(Stored data entries)
(* For $n$ large enough, there are linear trifferent codes of length $n$ and size at least $\tfrac13(9/5)^{n/4}$.
   Context: A linear trifferent code of length $n$ is a linear subspace $C\subseteq\mathbb{F}_3^n$ such that for any three distinct $x,y,z\in C$ there is a coordinate $i$ with $\{x_i,y_i,z_i\}=\mathbb{F}_3$. *)

From Stdlib Require Import Reals.
From mathcomp Require Import all_boot all_algebra.
Set Implicit Arguments. Unset Strict Implicit. Unset Printing Implicit Defensive.
Import GRing.Theory.
Local Open Scope ring_scope.

Definition is_linear_code (n : nat) (C : {set 'rV['F_3]_n}) : Prop :=
  [/\ 0 \in C,
      (forall x y, x \in C -> y \in C -> x + y \in C) &
      (forall (a : 'F_3) x, x \in C -> a *: x \in C)].

Definition is_trifferent (n : nat) (C : {set 'rV['F_3]_n}) : Prop :=
  forall x y z, x \in C -> y \in C -> z \in C ->
    x != y -> y != z -> x != z ->
    exists i : 'I_n, [set x ord0 i; y ord0 i; z ord0 i] = [set: 'F_3].

From Stdlib Require Import Reals Lra.
From mathcomp Require Import all_boot all_algebra zify.
Set Implicit Arguments. Unset Strict Implicit. Unset Printing Implicit Defensive.
Import GRing.Theory.
Local Open Scope ring_scope.

(* A linear code over F_3 is trifferent as soon as any two of its words a, b
   with a, b, a + b nonzero agree at some coordinate where they are nonzero:
   for distinct x, y, z take a = x - z and b = z - y.  We encode messages
   u in F_3^k by m = n/4 blocks, block t being the tetracode word of u G_t for
   a k x 2 matrix G_t.  When u, v are linearly independent, (u G_t, v G_t) is
   uniformly distributed over (F_3^2)^2, and only 25 of these 81 pairs have
   tetracode words that never agree at a nonzero coordinate.  The bad event
   for (u, v) is also the bad event for (v, u), (-u, -v) and (-v, -u), so a
   union bound over the fewer than 9^k independent pairs finds a good choice
   of the G_t whenever 9^k (25/81)^m < 4.  Taking k as large as this allows
   gives a code with 3^k >= (3/5) (9/5)^m >= (9/5)^(n/4) / 3 words. *)

Lemma row_free_col_mxP (F : fieldType) k (u v : 'rV[F]_k) :
  reflect (forall a b, a *: u + b *: v = 0 -> a = 0 /\ b = 0) (row_free (col_mx u v)).
Proof.
have mulE (a b : 'M[F]_1) : row_mx a b *m col_mx u v = a 0 0 *: u + b 0 0 *: v.
  by rewrite mul_row_col [a]mx11_scalar [b]mx11_scalar !mul_scalar_mx !mxE !mulr1n.
apply: (iffP idP) => [free a b abz | indep].
  have : row_mx a%:M b%:M *m col_mx u v = 0 *m col_mx u v.
    by rewrite mulE mul0mx !mxE !mulr1n.
  move/(row_free_inj free)/(congr1 (fun w => (lsubmx w 0 0, rsubmx w 0 0))).
  by rewrite row_mxKl row_mxKr !mxE !mulr1n => -[].
apply: inj_row_free => w; rewrite -[w]hsubmxK mulE => /indep[l0 r0].
by rewrite [lsubmx w]mx11_scalar [rsubmx w]mx11_scalar l0 r0 !raddf0 row_mx0.
Qed.

Lemma row_free_col_mxC (F : fieldType) k (u v : 'rV[F]_k) :
  row_free (col_mx v u) = row_free (col_mx u v).
Proof.
by apply/row_free_col_mxP/row_free_col_mxP => free a b abz;
  have [] := free b a; rewrite 1?addrC.
Qed.

Lemma row_free_col_mxN (F : fieldType) k (u v : 'rV[F]_k) :
  row_free (col_mx (- u) (- v)) = row_free (col_mx u v).
Proof. by rewrite -(opp_col_mx u v) /row_free mxrank_opp. Qed.

Lemma exists_row_free_col_mx (F : fieldType) k (u : 'rV[F]_k) :
  (1 < k)%N -> u != 0 -> exists v : 'rV_k, row_free (col_mx u v).
Proof.
move=> lt1k u0; pose i0 : 'I_k := Ordinal (ltnW lt1k); pose i1 : 'I_k := Ordinal lt1k.
have [ui0 | ui0] := eqVneq (u 0 i0) 0.
  exists (delta_mx 0 i0); apply/row_free_col_mxP => a b /[dup] abz /rowP/(_ i0).
  rewrite !mxE ui0 !eqxx mulr0 mulr1 add0r => b0; move: abz.
  by rewrite b0 scale0r addr0 => /eqP; rewrite scaler_eq0 (negPf u0) orbF => /eqP.
exists (delta_mx 0 i1); apply/row_free_col_mxP => a b /[dup] abz /rowP/(_ i0).
rewrite !mxE eqxx /= mulr0 addr0 => /eqP; rewrite mulf_eq0 (negPf ui0) orbF => /eqP a0.
move: abz; rewrite a0 scale0r add0r => /eqP; rewrite scaler_eq0 => /orP[/eqP // | ].
by move/eqP/rowP/(_ i1); rewrite !mxE !eqxx => /eqP; rewrite oner_eq0.
Qed.

Lemma card_mulmx_preimset (F : finFieldType) m k p (A : 'M[F]_(m, k))
    (S : {set 'M[F]_(m, p)}) : row_free A ->
  #|[set M : 'M_(k, p) | A *m M \in S]| =
    (#|S| * #|[set M : 'M_(k, p) | A *m M == 0%R]|)%N.
Proof.
case/row_freeP => B AB.
pose f (M : 'M_(k, p)) := (A *m M, M - B *m (A *m M)).
have fK : cancel f (fun XN => B *m XN.1 + XN.2) by move=> M; rewrite addrC subrK.
have AfK (X : 'M_(m, p)) (N : 'M_(k, p)) : A *m (B *m X + N) = X + A *m N.
  by rewrite mulmxDr mulmxA AB mul1mx.
rewrite -cardsX -(card_imset _ (can_inj fK)); apply: eq_card => -[X N].
rewrite !inE; apply/imsetP/andP => [[M] | [XS /eqP AN0]].
  rewrite inE => MS [-> ->]; split => //.
  by rewrite mulmxBr mulmxA AB mul1mx subrr.
exists (B *m X + N); first by rewrite inE AfK AN0 addr0.
by rewrite /f AfK AN0 addr0 addrC addKr.
Qed.

Lemma card_mulmx_preimset_exp (F : finFieldType) m k p (A : 'M[F]_(m, k))
    (S : {set 'M[F]_(m, p)}) : row_free A ->
  (#|[set M : 'M_(k, p) | A *m M \in S]| * #|F| ^ (m * p) = #|S| * #|F| ^ (k * p))%N.
Proof.
move=> free; have := card_mulmx_preimset [set: 'M[F]_(m, p)] free.
have -> : [set M : 'M_(k, p) | A *m M \in setT] = setT by apply/setP => M; rewrite !inE.
rewrite !cardsT !card_mx => card_ker.
by rewrite card_mulmx_preimset // card_ker mulnAC mulnA.
Qed.

Lemma leq_card_bigcup_mult (I T : finType) (P : {pred I}) (A : I -> {set T}) c :
  (forall x, x \in \bigcup_(i in P) A i -> c <= #|[set i in P | x \in A i]|)%N ->
  (c * #|\bigcup_(i in P) A i| <= \sum_(i in P) #|A i|)%N.
Proof.
move=> mult.
have -> : (\sum_(i in P) #|A i| = \sum_x #|[set i in P | x \in A i]|)%N.
  under eq_bigr => i _ do rewrite -sum1_card big_mkcond /=.
  rewrite exchange_big /=; apply: eq_bigr => x _.
  rewrite -sum1_card big_mkcond [RHS]big_mkcond /=.
  by apply: eq_bigr => i _; rewrite inE; case: (i \in P).
rewrite mulnC -sum_nat_const [X in (_ <= X)%N](bigID (mem (\bigcup_(i in P) A i))) /=.
by rewrite -[X in (X <= _)%N]addn0 leq_add // leq_sum.
Qed.

Lemma F3_cases (a : 'F_3) : [\/ a = 0, a = 1 | a = -1].
Proof.
by case: a => [[|[|[|]]] //= ?]; [apply: Or31 | apply: Or32 | apply: Or33]; apply/val_inj.
Qed.

Lemma F3_eq_oppr (V : lmodType 'F_3) (u : V) : (u == - u) = (u == 0).
Proof. by rewrite -subr_eq0 opprK -mulr2n -scaler_nat scaler_eq0. Qed.

Lemma F3_progression_setT (a d : 'F_3) : d != 0 -> [set a + d; a - d; a] = [set: 'F_3].
Proof.
move=> d0; apply/setP => w; rewrite !inE.
case: (F3_cases d) d0 => -> // _;
  by case: (F3_cases a) => ->; case: (F3_cases w) => ->.
Qed.

Lemma sum_F3 (F : 'F_3 -> nat) : (\sum_a F a = F 0%R + F 1%R + F (-1)%R)%N.
Proof.
change (\sum_(a < 3) F a = F 0%R + F 1%R + F (-1)%R)%N.
rewrite !big_ord_recl big_ord0 addn0 addnA.
by congr (F _ + F _ + F _)%N; apply/val_inj.
Qed.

— EXERCISE GOAL —
Exactly as written, repeat each line from the beginning of the data above to the line containing "have mulE (a", inclusive.

— EXPECTED OUTPUT —
(* For $n$ large enough, there are linear trifferent codes of length $n$ and size at least $\tfrac13(9/5)^{n/4}$.
   Context: A linear trifferent code of length $n$ is a linear subspace $C\subseteq\mathbb{F}_3^n$ such that for any three distinct $x,y,z\in C$ there is a coordinate $i$ with $\{x_i,y_i,z_i\}=\mathbb{F}_3$. *)

From Stdlib Require Import Reals.
From mathcomp Require Import all_boot all_algebra.
Set Implicit Arguments. Unset Strict Implicit. Unset Printing Implicit Defensive.
Import GRing.Theory.
Local Open Scope ring_scope.

Definition is_linear_code (n : nat) (C : {set 'rV['F_3]_n}) : Prop :=
  [/\ 0 \in C,
      (forall x y, x \in C -> y \in C -> x + y \in C) &
      (forall (a : 'F_3) x, x \in C -> a *: x \in C)].

Definition is_trifferent (n : nat) (C : {set 'rV['F_3]_n}) : Prop :=
  forall x y z, x \in C -> y \in C -> z \in C ->
    x != y -> y != z -> x != z ->
    exists i : 'I_n, [set x ord0 i; y ord0 i; z ord0 i] = [set: 'F_3].

From Stdlib Require Import Reals Lra.
From mathcomp Require Import all_boot all_algebra zify.
Set Implicit Arguments. Unset Strict Implicit. Unset Printing Implicit Defensive.
Import GRing.Theory.
Local Open Scope ring_scope.

(* A linear code over F_3 is trifferent as soon as any two of its words a, b
   with a, b, a + b nonzero agree at some coordinate where they are nonzero:
   for distinct x, y, z take a = x - z and b = z - y.  We encode messages
   u in F_3^k by m = n/4 blocks, block t being the tetracode word of u G_t for
   a k x 2 matrix G_t.  When u, v are linearly independent, (u G_t, v G_t) is
   uniformly distributed over (F_3^2)^2, and only 25 of these 81 pairs have
   tetracode words that never agree at a nonzero coordinate.  The bad event
   for (u, v) is also the bad event for (v, u), (-u, -v) and (-v, -u), so a
   union bound over the fewer than 9^k independent pairs finds a good choice
   of the G_t whenever 9^k (25/81)^m < 4.  Taking k as large as this allows
   gives a code with 3^k >= (3/5) (9/5)^m >= (9/5)^(n/4) / 3 words. *)

Lemma row_free_col_mxP (F : fieldType) k (u v : 'rV[F]_k) :
  reflect (forall a b, a *: u + b *: v = 0 -> a = 0 /\ b = 0) (row_free (col_mx u v)).
Proof.
have mulE (a b : 'M[F]_1) : row_mx a b *m col_mx u v = a 0 0 *: u + b 0 0 *: v.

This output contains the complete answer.